Do you think that if you continue to do this, it may shorten your career?
VG: No. I fear nothing except responsibility. And I finally did it, though. (waves his wedding ring) I just got married on April 21st. It was great. I went home; a lot of people were wondering where I was the last two weeks. That’s where I was.
Congratulations.
VG: Thanks.
Who’s your toughest opponent ever?
VG: That’s a tough one, I’ve had a lot of them. Al Snow is pretty good, me and him had it pretty good. Of course New Jack, but that’s not wres… (stops mid-word, laughs) I’d say Balls (Mahoney), Balls is a good one. Actually the toughest I think I had in my career was Tommy “Wildfire” Rich. Doug Gilbert – Doug Gilbert’s the one who gave me my tattoos (refers to the small tattoo of stitches on his right cheekbone). We were fighting in a match and we were carried away. I grabbed a pitcher and hit him with it. He got mad, hit a beer bottle, and cut me up. We went and started shooting, then we calmed it down, got back in the ring and finished the match. But he cut me open real good, and that’s how I got my tattoo on my face. It covered up the scar. Most people think, “Oh, he pencils it in,” but it’s a real tattoo, everybody! Here’s my other one (turns to reveal a tattoo of Japanese writing on the back of his neck – the phrase translates into “insane”)
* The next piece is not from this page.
(* Let $\Gamma_{\mathrm{comp}}$ be the set of all sufficiently pure branches $A$ such that every finite subset of $A$ is satisfiable. Then $\Gamma_{\mathrm{comp}}$ is a complete abstract consistency class.
   Context: Types: a countable set of base types including a distinguished $o$; other base types are sorts ($\alpha$). Types: base types and $\sigma\tau$ (functions from $\sigma$ to $\tau$; $\sigma\tau\mu=\sigma(\tau\mu)$). Countably many names, each with a unique type, infinitely many of each type. Terms: names; $st:\mu$ for $s:\tau\mu,t:\tau$; $\lambda x.t:\sigma\tau$ for a name $x:\sigma$, $t:\tau$. Logical constants: $\neg:oo$, $=_\sigma:\sigma\sigma o$; other names are variables. Formulas: terms of type $o$; $s=_\sigma t$ is $(=_\sigma s)t$; $s\neq_\sigma t$ is $\neg(s=_\sigma t)$. Semantics: a frame $\mathcal{D}$ maps types to nonempty sets with $\mathcal{D}(\sigma\tau)\subseteq(\mathcal{D}\sigma\to\mathcal{D}\tau)$. An assignment $\mathcal{I}$ into $\mathcal{D}$ extends $\mathcal{D}$ and maps names $x:\sigma$ into $\mathcal{D}\sigma$; $\mathcal{I}^x_a$ is the update. Partial evaluation: $\hat{\mathcal{I}}x=\mathcal{I}x$; $\hat{\mathcal{I}}(st)=(\hat{\mathcal{I}}s)(\hat{\mathcal{I}}t)$ when defined; $\hat{\mathcal{I}}(\lambda x.s)=f$ if $\lambda x.s:\sigma\tau$, $f\in\mathcal{D}(\sigma\tau)$ and $\widehat{\mathcal{I}^x_a}s=fa$ for all $a\in\mathcal{D}\sigma$. Interpretation: assignment with total evaluation. Logical: $\mathcal{I}o=\{0,1\}$, $\mathcal{I}(\neg)$ negation, $\mathcal{I}(=_\sigma)$ identity. A set of formulas is satisfiable if some logical interpretation evaluates all of them to $1$. Normalization: fixed type-preserving total $[\cdot]$; $s$ normal iff $[s]=s$; $[[s]]=[s]$; $[[s]t]=[st]$; $[xs_1\dots s_n]=x[s_1]\dots[s_n]$ for a name $x$, $n\ge0$, $xs_1\dots s_n$ of base type; $\hat{\mathcal{I}}[s]=\hat{\mathcal{I}}s$ for every interpretation $\mathcal{I}$. A branch is a set of normal formulas. A branch $A$ is sufficiently pure if for every type $\sigma$ there are infinitely many variables of type $\sigma$ not occurring free in the formulas of $A$. An abstract consistency class is a set $\Gamma$ of branches such that every $A\in\Gamma$ satisfies ($x$ ranges over variables): (DN) if $\neg\neg s\in A$ then $A\cup\{s\}\in\Gamma$; (BQ) if $s=_ot\in A$ then $A\cup\{s,t\}\in\Gamma$ or $A\cup\{\neg s,\neg t\}\in\Gamma$; (BE) if $s\neq_ot\in A$ then $A\cup\{s,\neg t\}\in\Gamma$ or $A\cup\{\neg s,t\}\in\Gamma$; (FQ) if $s=_{\sigma\tau}t\in A$ then $A\cup\{[su]=[tu]\}\in\Gamma$ for every normal $u:\sigma$; (FE) if $s\neq_{\sigma\tau}t\in A$ then $A\cup\{[sx]\neq[tx]\}\in\Gamma$ for some variable $x$; (Mat) if $xs_1\dots s_n,\neg xt_1\dots t_n\in A$ then $n\ge1$ and $A\cup\{s_i\neq t_i\}\in\Gamma$ for some $i$; (Dec) if $xs_1\dots s_n\neq_\alpha xt_1\dots t_n\in A$ then $n\ge1$ and $A\cup\{s_i\neq t_i\}\in\Gamma$ for some $i$; (Con) if $s=_\alpha t,u\neq_\alpha v\in A$ then $A\cup\{s\neq u,t\neq u\}\in\Gamma$ or $A\cup\{s\neq v,t\neq v\}\in\Gamma$. $\Gamma$ is complete if for all $A\in\Gamma$ and normal formulas $s$, $A\cup\{s\}\in\Gamma$ or $A\cup\{\neg s\}\in\Gamma$. *)

From Stdlib Require Import List Arith.
Import ListNotations.
Set Implicit Arguments.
Where do you see yourself five years from now?
VG: Hopefully surpassing Mankind, you know. If given the opportunity, and that’s the key word – opportunity. But the thing is if they get their head out of their ass and use me, it would be nice to be able to show my talents to a different audience. But believe it or not, I love it here just as much, if not better.
If you were a foreign object, what would you be and why?
VG: (laughs) I don’t know, that’s a weird one. Foreign object? Probably a pizza cutter – why, because I like pizza. I don’t know! I really don’t have an answer for that one.
Anything else you’d like to add?
VG: I wish that they (the WWF) would have gave me more of a chance. I wish they would have gave me more of a chance to show my talents. A chance to bump – I never got a bump, period. I never got to do anything, and I was executed before I even got a chance up there. Most people don’t know the real story; I don’t care to tell the story. But I wish I had the opportunity to go back and show my talents.
I’m getting the impression bumps are a pretty big thing to you.
VG: Yeah. To me, like I say, it’s just another day at the office. I mean, I used to say I’m indestructible; nothing hurts me. I haven’t had anything hurt me yet, thank God, knock on wood. But when I started in the business I said to myself there’s only one Mankind. What if there was someone else like him, you know? No one bumps like him. I want to be like him in a sense, but I’m not him. Everyone says, “Oh, you’re gonna be a likeness to him,” or whatever. I’ve been hearing that throughout my entire career. I’m not him – I’m Vic Grimes.